XRP has experienced strong price performance in recent weeks, climbing over 12% in the past month and reclaiming notable price levels.
However, as of the latest trading session, the asset is showing signs of correction. At the time of writing, XRP is valued at $3.17, representing a 1.2% decline over the past 24 hours from its recent high of roughly $3.22.
The end of the case removed a significant source of uncertainty for the asset and sparked immediate price gains. However, on-chain data suggests that the rally may have been driven more by shifts within the existing investor base rather than by new market participation.
Exchange flow data offers additional insight. Both Binance and Upbit recorded notable spikes in depositing addresses just before and immediately after the SEC case outcome was announced. Historically, such inflow surges can signal that traders are positioning for profit-taking or short-term speculation.

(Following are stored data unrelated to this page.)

(* For every $t \in \mathbb{N}_0$ and every integer $b \ge 2$, the cyclotomic polynomial $\Phi_b(x)$ does not divide \[ Q_t(x) = x^{4t+7} - x^{4t+5} - x^{4t+4} + 2x^{2t+4} + x^{2t+3} + x^{2t+2} + x^{2t} - 2x^{t+3} - x^2 - 1. \]
   Context: $\Phi_b(x) = \prod_\zeta (x-\zeta)$, where $\zeta$ ranges over the primitive $b$-th roots of unity, is the $b$-th cyclotomic polynomial. *)

From mathcomp Require Import all_boot all_order all_algebra all_field.
Set Implicit Arguments. Unset Strict Implicit. Unset Printing Implicit Defensive.
Import GRing.Theory Num.Theory.
Local Open Scope ring_scope.

Definition Qt (t : nat) : {poly int} :=
  'X^(4*t+7) - 'X^(4*t+5) - 'X^(4*t+4) + 2%:P * 'X^(2*t+4) + 'X^(2*t+3)
  + 'X^(2*t+2) + 'X^(2*t) - 2%:P * 'X^(t+3) - 'X^2 - 1.

(* Let w be a primitive b-th root of unity with Q_t(w) = 0 and put y = w^t.  Since w^-1
   is also a primitive b-th root of unity, Q_t(w^-1) = 0 as well, so y is a common root of
   two quartics over Z[w].  Eliminating y (an explicit resultant identity) gives
   w^10 (w - 1)^2 S(w) = 0 for a fixed integer polynomial S of degree 34, hence S vanishes
   at every primitive b-th root of unity.  But S vanishes at w and at another primitive
   root determined by w: at w^2 if b is odd, at w^(b/2+2) = -w^2 if b = 2 (mod 4), and at
   w^(b/2+1) = -w if 4 | b; explicit Bezout identities with nonzero integer right-hand side
   show that S(x) is coprime to S(x^2), S(-x^2) and S(-x) respectively. *)

From mathcomp Require Import all_boot all_order all_algebra all_field.
From mathcomp Require Import ssrZ ring.
From Stdlib Require BinNums BinInt.
Set Implicit Arguments. Unset Strict Implicit. Unset Printing Implicit Defensive.
Import GRing.Theory.
Local Open Scope ring_scope.

Local Notation Z := BinNums.Z.

Section CoefficientLists.
Variables (C : Type) (R : comNzRingType) (f : C -> R).
Variables (c0 : C) (cadd cmul : C -> C -> C) (copp : C -> C) (czero : pred C).
Hypothesis f0 : f c0 = 0.
Hypothesis fD : {morph f : a b / cadd a b >-> a + b}.
Hypothesis fM : {morph f : a b / cmul a b >-> a * b}.
Hypothesis fN : {morph f : a / copp a >-> - a}.
Hypothesis f_czero : forall a, czero a -> f a = 0.

Fixpoint lhorner (p : seq C) (x : R) : R :=
  if p is a :: q then f a + x * lhorner q x else 0.

Fixpoint ladd (p q : seq C) : seq C :=
  match p, q with
  | [::], _ => q
  | _, [::] => p
  | a :: p', b :: q' => cadd a b :: ladd p' q'
  end.

Fixpoint lmul (p q : seq C) : seq C :=
  if p is a :: p' then ladd (map (cmul a) q) (c0 :: lmul p' q) else [::].

Definition lsub (p q : seq C) : seq C := ladd p (map copp q).

Lemma lhornerD p q x : lhorner (ladd p q) x = lhorner p x + lhorner q x.
Proof.
elim: p q => [|a p IHp] [|b q] /=; rewrite ?add0r ?addr0 //.
by rewrite IHp fD mulrDr addrACA.
Qed.

Lemma lhornerZ a p x : lhorner (map (cmul a) p) x = f a * lhorner p x.
Proof.
elim: p => [|b p IHp] /=; first by rewrite mulr0.
by rewrite IHp fM mulrDr mulrCA.
Qed.

Lemma lhornerM p q x : lhorner (lmul p q) x = lhorner p x * lhorner q x.
Proof.
elim: p => [|a p IHp] /=; first by rewrite mul0r.
by rewrite lhornerD lhornerZ /= f0 IHp add0r mulrDl mulrA.
Qed.

Lemma lhornerN p x : lhorner (map copp p) x = - lhorner p x.
Proof.
elim: p => [|a p IHp] /=; first by rewrite oppr0.
by rewrite IHp fN opprD mulrN.
Qed.

Lemma lhornerB p q x : lhorner (lsub p q) x = lhorner p x - lhorner q x.
Proof. by rewrite lhornerD lhornerN. Qed.

Lemma lhorner_all0 p x : all czero p -> lhorner p x = 0.
Proof.
elim: p => [|a p IHp] //= /andP[/f_czero -> /IHp ->].
by rewrite mulr0 addr0.
Qed.

Lemma lhorner_eq p q x : all czero (lsub p q) -> lhorner p x = lhorner q x.
Proof. by move=> /(lhorner_all0 x)/eqP; rewrite lhornerB subr_eq0 => /eqP. Qed.

End CoefficientLists.

Section IntegerPolynomials.
Variable R : comNzRingType.

Definition zR (a : Z) : R := (int_of_Z a)%:~R.

Lemma zRD : {morph zR : a b / BinInt.Z.add a b >-> a + b}.
Proof. by move=> a b; rewrite /zR -rmorphD -(rmorphD int_of_Z). Qed.

Lemma zRM : {morph zR : a b / BinInt.Z.mul a b >-> a * b}.
Proof. by move=> a b; rewrite /zR -rmorphM -(rmorphM int_of_Z). Qed.

Lemma zRN : {morph zR : a / BinInt.Z.opp a >-> - a}.
Proof. by move=> a; rewrite /zR -rmorphN -(rmorphN int_of_Z). Qed.

Definition zhorner (p : seq Z) (x : R) : R := lhorner zR p x.
Definition zadd : seq Z -> seq Z -> seq Z := ladd BinInt.Z.add.
Definition zmul : seq Z -> seq Z -> seq Z := lmul BinNums.Z0 BinInt.Z.add BinInt.Z.mul.
Definition zsub : seq Z -> seq Z -> seq Z := lsub BinInt.Z.add BinInt.Z.opp.
Definition zeq0 : pred (seq Z) := all (BinInt.Z.eqb ^~ BinNums.Z0).

Lemma zhornerD p q x : zhorner (zadd p q) x = zhorner p x + zhorner q x.
Proof. exact/lhornerD/zRD. Qed.

Lemma zhornerM p q x : zhorner (zmul p q) x = zhorner p x * zhorner q x.
Proof. exact/lhornerM/zRM/zRD. Qed.

Lemma zhornerN p x : zhorner (map BinInt.Z.opp p) x = - zhorner p x.
Proof. exact/lhornerN/zRN. Qed.

Lemma zhorner_eq0 p x : zeq0 p -> zhorner p x = 0.
Proof. by apply: lhorner_all0 => a /BinInt.Z.eqb_spec ->. Qed.

Lemma zhorner_eq p q x : zeq0 (zsub p q) -> zhorner p x = zhorner q x.
Proof.
by apply: lhorner_eq => [|a|a /BinInt.Z.eqb_spec ->]; [exact: zRD|exact: zRN|].
Qed.

Fixpoint zcomp_sqr (p : seq Z) : seq Z :=
  if p is a :: q then a :: BinNums.Z0 :: zcomp_sqr q else [::].

Fixpoint zcomp_opp (p : seq Z) : seq Z :=
  if p is a :: q then a :: map BinInt.Z.opp (zcomp_opp q) else [::].

Lemma zhorner_comp_sqr p x : zhorner (zcomp_sqr p) x = zhorner p (x ^+ 2).
Proof.
elim: p => [|a p IHp] //=; rewrite /zhorner /= -!/(zhorner _ _) IHp.
by rewrite [zR BinNums.Z0]/zR add0r mulrA -expr2.
Qed.

Lemma zhorner_comp_opp p x : zhorner (zcomp_opp p) x = zhorner p (- x).
Proof.
elim: p => [|a p IHp] //=; rewrite /zhorner /= -!/(zhorner _ _).
by rewrite zhornerN IHp mulrN mulNr.
Qed.

End IntegerPolynomials.

Lemma zhorner_no_common_root (R : numDomainType) u v p q N (x : R) :
  zeq0 (zsub (zadd (zmul u p) (zmul v q)) [:: N]) -> N <> BinNums.Z0 ->
  zhorner p x = 0 -> zhorner q x = 0 -> False.
Proof.
move=> /(zhorner_eq x); rewrite zhornerD !zhornerM => bezout N0 px0 qx0.
move: bezout; rewrite px0 qx0 !mulr0 addr0 /zhorner /= mulr0 addr0 /zR.
move/esym/eqP; rewrite intr_eq0 => /eqP NZ; apply: N0.
by apply: (can_inj int_of_ZK); rewrite NZ.
Qed.

(* Turns the images under [zR] of integer literals into numerals that [ring] handles. *)
Ltac zhorner_literal :=
  rewrite /= /zR;
  cbv [int_of_Z BinPos.Pos.to_nat BinPos.Pos.iter_op Nat.add predn Nat.pred].

Section BivariateIntegerPolynomials.
Variables (R : comNzRingType) (x : R).

Definition zzhorner (P : seq (seq Z)) (y : R) : R := lhorner (fun p => zhorner p x) P y.
Definition zzadd : seq (seq Z) -> seq (seq Z) -> seq (seq Z) := ladd zadd.
Definition zzmul : seq (seq Z) -> seq (seq Z) -> seq (seq Z) := lmul [::] zadd zmul.
Definition zzsub : seq (seq Z) -> seq (seq Z) -> seq (seq Z) := lsub zadd (map BinInt.Z.opp).
Definition zzeq0 : pred (seq (seq Z)) := all zeq0.

Lemma zzhornerD P Q y : zzhorner (zzadd P Q) y = zzhorner P y + zzhorner Q y.
Proof. by apply: lhornerD => p q; apply: zhornerD. Qed.

Lemma zzhornerM P Q y : zzhorner (zzmul P Q) y = zzhorner P y * zzhorner Q y.
Proof. by apply: lhornerM => // p q; [apply: zhornerD | apply: zhornerM]. Qed.

Lemma zzhorner_eq P Q y : zzeq0 (zzsub P Q) -> zzhorner P y = zzhorner Q y.
Proof.
apply: lhorner_eq => [p q|p|p]; [exact: zhornerD|exact: zhornerN|exact: zhorner_eq0].
Qed.

Lemma zzhorner_const p y : zzhorner [:: p] y = zhorner p x.
Proof. by rewrite /zzhorner /= mulr0 addr0. Qed.

End BivariateIntegerPolynomials.

(* Coefficients are listed by increasing degree.  [Qy] and [Qy_rev] are Q_t(x) and
   x^(4t+7) Q_t(x^-1) as polynomials in y = x^t over Z[x] (see [zzhorner_Qy] and
   [zzhorner_Qy_rev]); [S] is the essential factor of their resultant in y. *)
Section Certificates.
Import BinInt.
Local Open Scope Z_scope.
Lemma factor_like_tight (F : {set 'I_n}) :
  (forall a b, cmp a b -> b <= a)%N -> is_ACI M -> factor_like cmp M F ->
  exists v, (\rank (completion M v) + #|F| = n + coef_dim M F)%N /\
            cmp (m + n - \rank (completion M v)) (maxn m n).
Proof.
move=> cmp_ge M_aci [R [R_unit [r [le_rm]]]] /=.
set s := #|F|; set T := [set i : 'I_m | (i < m - r)%N].
rewrite -setC_ord_lt -/T => -[Z0 [cmp_rs [TL BR]]].
have le_sn : (s <= n)%N by have := max_card F; rewrite card_ord.
have := cmp_ge _ _ cmp_rs; rewrite geq_max => /andP [le_m_rs le_n_rs].
have cardT : #|T| = (m - r)%N by rewrite card_ord_lt ?leq_subr.
have cardCT : #|~: T| = r by rewrite setC_ord_lt card_ord_ge ?leq_subr ?subKn.
have [C0 T0] : mask_mx (~: T) *m (R *m aci_const M) *m mask_mx F = 0 /\
    forall t, mask_mx (~: T) *m (R *m aci_coef M t) *m mask_mx F = 0.
  by apply/(QF_entry_zero (aci_mull R M)) => i j; rewrite setC_ord_lt !inE; apply: Z0.
have [|va rk_va] := FRmR_aci_sub_rank _ TL; first by rewrite card_ord_lt // cardT; lia.
have [|vc rk_vc] := FCmR_aci_sub_rank _ BR; first by rewrite card_ord_ge // cardCT; lia.
rewrite completion_mulr completion_mull mxrank_QF_mask_lt cardT in rk_va.
rewrite completion_mulr completion_mull mxrank_QF_mask_ge card_ord_ge // in rk_vc.
have [v [vF vCF]] := completion_splice F va vc M_aci.
have P_utri : mask_mx (~: T) *m (R *m completion M v) *m mask_mx F = 0.
  by rewrite -completion_mull; apply: completion_mask_eq0.
have := mxrank_utri_ge P_utri; rewrite -!mulmxA vF vCF !mulmxA -!(mulmxA _ R).
rewrite rk_va rk_vc (eqmxMfull _ (_ : row_full R)) ?row_full_unit // => rk_ge.
have dim_le : (coef_dim M F + r <= m)%N.
  have := @coef_dim_annihilator _ _ _ _ M F _ (mask_mx (~: T) *m R).
  rewrite mxrankMfree ?row_free_unit // mxrank_mask_mx cardCT.
  by apply=> [|t]; rewrite -(mulmxA _ R).
have := mxrank_completion_le M F v.
by exists v; split; [lia | have -> : (m + n - \rank (completion M v) = r + s)%N by lia].
Qed.

Lemma tight_factor_like (F : {set 'I_n}) v :
  (\rank (completion M v) + #|F| = n + coef_dim M F)%N ->
  cmp (m + n - \rank (completion M v)) (maxn m n) -> factor_like cmp M F.
Proof.
move=> tight cmp_v; have [R R_unit R_span] := coef_span_basis M F.
set d := coef_dim M F in tight R_span *.
have le_dm : (d <= m)%N by apply: rank_leq_col.
have le_sn : (#|F| <= n)%N by have := max_card F; rewrite card_ord.
exists R; split => //; exists (m - d)%N; split; first exact: leq_subr.
rewrite subKn //= -setC_ord_lt; set T := [set i : 'I_m | (i < d)%N].
have [C0 T0] : mask_mx (~: T) *m (R *m aci_const M) *m mask_mx F = 0 /\
    forall t, mask_mx (~: T) *m (R *m aci_coef M t) *m mask_mx F = 0.
  by rewrite setC_ord_lt; split=> [|t]; rewrite mulmxA R_span ?coef_span_const ?coef_span_coef.
have P_utri : mask_mx (~: T) *m (R *m completion M v) *m mask_mx F = 0.
  by rewrite -completion_mull; apply: completion_mask_eq0.
have [|rk_TL rk_BR] := mxrank_utri_full P_utri.
  rewrite (eqmxMfull _ (_ : row_full R)) ?row_full_unit // card_ord_lt //.
  by have := cardsC F; rewrite card_ord; lia.
split.
  have Z := iffRL (QF_entry_zero (aci_mull R M) F (~: T)) (conj C0 T0).
  by move=> i j di jF; apply: Z; rewrite !inE -?leqNgt.
split; first by have -> : (m - d + #|F| = m + n - \rank (completion M v))%N by lia.
split; [apply: (@FRmR_aci_sub _ _ _ _ _ _ _ v) | apply: (@FCmR_aci_sub _ _ _ _ _ _ _ v)];
  rewrite completion_mulr completion_mull.
  by rewrite mxrank_QF_mask_lt.
by rewrite mxrank_QF_mask_ge rk_BR card_ord_ge // cardsCs setCK card_ord.
Qed.
(* The truncation level [M] is fixed first; then the cutoffs [th] (size of values) and [rho]
   (size of the weight) are chosen so that every error term of [energy_trunc_le] and
   [mass_trunc_ge] is small, uniformly for exponents closer than [d]. *)
Lemma truncation_parameters P k b : 2 <= P -> 0 < k -> 0 < b ->
  exists th rho M d, 0 < th <= 1 /\ 0 < rho <= 1 /\ 1 <= M /\ 0 < d /\ th * th <= k / 2 /\
    (forall s, Rabs s < d -> Rpower (M / th) s <= 1 + k / 2) /\
    (forall eta s, 0 < eta <= / M -> Rabs s < d -> eta < th /\
       rho * Rpower 2 P
       + (th * th + Rpower 2 P * (1 - Rpower (1 - eta / th) P * Rpower (rho * th / 2) s)) <= b).
Proof.
intros HP Hk Hb. set (T := Rpower 2 P).
assert (HT : 1 <= T) by (apply Rpower_ge1; lra).
set (a := b / (4 * T)).
assert (Ha : 0 < a /\ a * T = b / 4) by (unfold a; split; [apply Rdiv_lt_0_compat|field]; lra).
set (th := Rmin 1 (Rmin (k / 2) (b / 4))).
assert (Hth : 0 < th <= 1 /\ th * th <= k / 2 /\ th * th <= b / 4).
{ assert (0 < th <= 1 /\ th <= k / 2 /\ th <= b / 4)
    by (unfold th, Rmin; repeat destruct Rle_dec; lra).
  nra. }
set (rho := Rmin 1 a).
assert (Hrho : 0 < rho <= 1 /\ rho <= a) by (unfold rho, Rmin; destruct Rle_dec; lra).
destruct (exists_truncation_level P th a) as [M [HM HMeta]]; try lra.
destruct (Rpower_near_exp0 (M / th) (k / 2)) as [d1 [Hd1 Hexp1]]; [apply Rdiv_lt_0_compat; lra|lra|].
destruct (Rpower_near_exp0 (rho * th / 2) a) as [d2 [Hd2 Hexp2]]; try nra.
exists th, rho, M, (Rmin d1 d2).
refine (conj _ (conj _ (conj _ (conj _ (conj _ (conj _ _)))))); try lra; [apply Rmin_pos; lra| |].
- intros s Hs. specialize (Hexp1 s ltac:(pose proof (Rmin_l d1 d2); lra)). apply Rabs_def2 in Hexp1. lra.
- intros eta s Heta Hs. destruct (HMeta eta Heta) as [Hlt Hlam]. split; auto.
  specialize (Hexp2 s ltac:(pose proof (Rmin_r d1 d2); lra)). apply Rabs_def2 in Hexp2.
  pose proof (Rpower_pos (1 - eta / th) P). pose proof (Rpower_pos (rho * th / 2) s).
  assert (1 - 2 * a <= Rpower (1 - eta / th) P * Rpower (rho * th / 2) s).
  { destruct (Rle_dec a 1); [|nra].
    assert ((1 - a) * (1 - a) <= Rpower (1 - eta / th) P * Rpower (rho * th / 2) s)
      by (apply Rmult_le_compat; lra).
    nra. }
  fold T. nra.
Qed.

Lemma Rayleigh_transfer P Qm g : 2 <= P -> 0 < Qm -> 0 < g <= 1 ->
  exists d, 0 < d /\ forall p q x, 2 <= p <= P -> 2 <= q <= P -> Rabs (q - p) < d ->
    Rayleigh p x -> (p - 1) * x <= Qm ->
    exists y, Rayleigh q y /\ (q - 1) * y <= (1 + g) * ((p - 1) * x).
Proof.
intros HP HQ Hg. set (k := g / 4).
destruct (truncation_parameters P k (k / Qm))
  as [th [rho [M [d [Hth [Hrho [HM [Hd [Hth2 [HN1 Herr]]]]]]]]]];
  try apply Rdiv_lt_0_compat; unfold k; try lra.
exists d; split; auto. intros p q x Hp Hq Hpq Hx HxQ.
destruct (Rayleigh_normalized p x ltac:(lra) Hx) as [Hx0 [v [dv [Hv [HE HB]]]]].
assert (HB0 : 0 < mass p v) by (rewrite HB; apply Rinv_0_lt_compat; nra).
assert (HbB : k / Qm <= k * mass p v)
  by (rewrite HB; unfold Rdiv; apply Rmult_le_compat_l; [unfold k; lra|apply Rinv_le_contravar; nra]).
assert (Hs : Rabs (Rabs (q - p)) < d) by (rewrite Rabs_Rabsolu; lra).
set (eta := Rpower M (1 - p)).
destruct (Herr eta (Rabs (q - p))) as [Heta Hsmall]; auto.
{ split; [apply Rpower_pos|]. apply Rle_trans with (Rpower M (- (1))); [apply Rle_Rpower; lra|].
  rewrite Rpower_Ropp, Rpower_1 by lra. lra. }
assert (HN : energy q (trunc_deriv M dv) <= 1 + k).
{ pose proof (energy_trunc_le v dv Hv M HM th p q ltac:(lra) ltac:(lra) ltac:(lra)) as HN.
  rewrite HE, Rmult_1_r in HN. specialize (HN1 _ Hs). lra. }
assert (HD : (1 - k) * mass p v <= mass q (trunc M dv)).
{ pose proof (mass_trunc_ge v dv Hv M HM th rho P p q ltac:(lra) ltac:(lra) Hp Hq ltac:(lra) Heta) as HD.
  fold eta in HD. lra. }
assert (HD0 : 0 < mass q (trunc M dv)) by (unfold k in HD; nra).
exists (energy q (trunc_deriv M dv) / ((q - 1) * mass q (trunc M dv))). split.
- apply Rayleigh_of_admissible; [lra|]. apply (trunc_admissible v); auto.
  intro Hz. rewrite (mass_eq0 q _ Hz) in HD0; lra.
- replace ((q - 1) * (energy q (trunc_deriv M dv) / ((q - 1) * mass q (trunc M dv))))
    with (energy q (trunc_deriv M dv) / mass q (trunc M dv)) by (field; lra).
  replace ((p - 1) * x) with (/ mass p v) by (rewrite HB, Rinv_inv; auto).
  apply quotient_le_of_bounds; auto.
Qed.

Lemma eta1_transfer P Qm g : 2 <= P -> 0 < Qm -> 0 < g <= 1 ->
  exists d, 0 < d /\ forall p q, 2 <= p <= P -> 2 <= q <= P -> Rabs (q - p) < d ->
    (p - 1) * eta1 p < Qm -> (q - 1) * eta1 q <= (1 + g) * ((p - 1) * eta1 p).
Proof.
intros HP HQ Hg. destruct (Rayleigh_transfer P Qm g HP HQ Hg) as [d [Hd Htr]].
exists d; split; auto. intros p q Hp Hq Hpq HpQ.
apply Rle_plus_epsilon. intros eps Heps.
set (e := Rmin ((Qm - (p - 1) * eta1 p) / (p - 1)) (eps / ((1 + g) * (p - 1)))).
assert (He : 0 < e /\ (p - 1) * e <= Qm - (p - 1) * eta1 p /\ (1 + g) * ((p - 1) * e) <= eps).
{ assert (0 < (Qm - (p - 1) * eta1 p) / (p - 1)) by (apply Rdiv_lt_0_compat; lra).
  assert (0 < eps / ((1 + g) * (p - 1))) by (apply Rdiv_lt_0_compat; nra).
  pose proof (Rmin_l ((Qm - (p - 1) * eta1 p) / (p - 1)) (eps / ((1 + g) * (p - 1)))).
  pose proof (Rmin_r ((Qm - (p - 1) * eta1 p) / (p - 1)) (eps / ((1 + g) * (p - 1)))).
  fold e in H1, H2. repeat split.
  - apply Rmin_pos; auto.
  - apply Rle_div_r in H1; lra.
  - apply Rle_div_r in H2; [lra|nra]. }
destruct (eta1_approx p e ltac:(lra) ltac:(lra)) as [x [Hx Hxe]].
destruct (Htr p q x Hp Hq Hpq Hx ltac:(nra)) as [y [Hy Hyx]].
assert ((q - 1) * eta1 q <= (q - 1) * y) by (apply Rmult_le_compat_l; [lra|apply eta1_le; auto; lra]).
assert ((p - 1) * x <= (p - 1) * eta1 p + (p - 1) * e) by nra.
assert ((1 + g) * ((p - 1) * x) <= (1 + g) * ((p - 1) * eta1 p) + (1 + g) * ((p - 1) * e))
  by (rewrite <- Rmult_plus_distr_l; apply Rmult_le_compat_l; lra).
lra.
Qed.
(* Let $f:\mathbb{R}^d\to\mathbb{R}$ be convex and $M$-Lipschitz with $X^*\neq\emptyset$. Run the Proximal Bundle Method with $\beta\in(0,1)$ and stepsizes $\rho_k=(f(x_k)-f^* )/D^2$, where $D^2>0$ is any number with $D^2\ge\sup\{\mathrm{dist}(x,X^* )^2: f(x)\le f(x_0)\}$. Then for any $0<\epsilon\le f(x_0)-f^*$, the number of descent steps taken before an $\epsilon$-minimizer is found is at most $$\left\lceil\frac{2\log\left(\frac{f(x_0)-f^*}{\epsilon}\right)}{\beta}\right\rceil,$$ and the number of null steps taken before then is at most $$\left(\frac{1}{1-(1-\beta/2)^2}\right)\frac{8M^2D^2}{(1-\beta)^2\epsilon^2}.$$
   Context: Throughout, $f:\mathbb{R}^d\to\mathbb{R}$ is a proper closed convex function attaining its minimum $f^*=\inf f$ on the nonempty set $X^*=\{x: f(x)=f^*\}$; $\mathrm{dist}(x,S)=\inf_{y\in S}\|x-y\|$; $\partial f(x)$ is the convex subdifferential. A subgradient oracle returns, for any $x$, the value $f(x)$ and some $g(x)\in\partial f(x)$. Proximal Bundle Method: fix $\beta\in(0,1)$, $x_0=z_0\in\mathbb{R}^d$, $g_0=g(x_0)$, and the initial model $f_0(x)=f(x_0)+\langle g_0,x-x_0\rangle$. At iteration $k\ge0$, given a convex model $f_k:\mathbb{R}^d\to\mathbb{R}$ and stepsize $\rho_k>0$, compute $z_{k+1}=\operatorname{argmin}_z f_k(z)+\frac{\rho_k}{2}\|z-x_k\|^2$. If $\beta(f(x_k)-f_k(z_{k+1}))\le f(x_k)-f(z_{k+1})$, iteration $k$ is a descent step and $x_{k+1}=z_{k+1}$; otherwise it is a null step and $x_{k+1}=x_k$. Then a new convex model $f_{k+1}$ and stepsize $\rho_{k+1}$ are chosen satisfying, with $g_{k+1}=g(z_{k+1})$ and $s_{k+1}=\rho_k(x_k-z_{k+1})$: (1) $f_{k+1}(x)\le f(x)$ for all $x$; (2) $f_{k+1}(x)\ge f(z_{k+1})+\langle g_{k+1},x-z_{k+1}\rangle$ for all $x$; (3) if iteration $k$ was a null step, $f_{k+1}(x)\ge f_k(z_{k+1})+\langle s_{k+1},x-z_{k+1}\rangle$ for all $x$; (4) if iteration $k$ was a null step, $\rho_{k+1}\ge\rho_k$. An $\epsilon$-minimizer is a point $x$ with $f(x)-f^*\le\epsilon$. *)

From HB Require Import structures.
From mathcomp Require Import all_boot all_order all_algebra.
From mathcomp Require Import all_classical all_reals.
From mathcomp Require Import exp.
Set Implicit Arguments. Unset Strict Implicit. Unset Printing Implicit Defensive.
Import Order.TTheory GRing.Theory Num.Theory.
Local Open Scope ring_scope.
Local Open Scope classical_set_scope.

Changes in exchange reserves further illustrate the evolving market structure for XRP. After a period of decline, Binance’s XRP holdings have been increasing again, while Upbit’s reserves have maintained a steady upward trend.
This reflects a growing role for the Asian market in supporting XRP trading volume. Conversely, OKX now holds almost no XRP, suggesting that most of its reserves have been withdrawn from the exchange.
If exchange reserves continue to build rapidly, the probability of a short-term correction could increase, especially if profit-taking accelerates.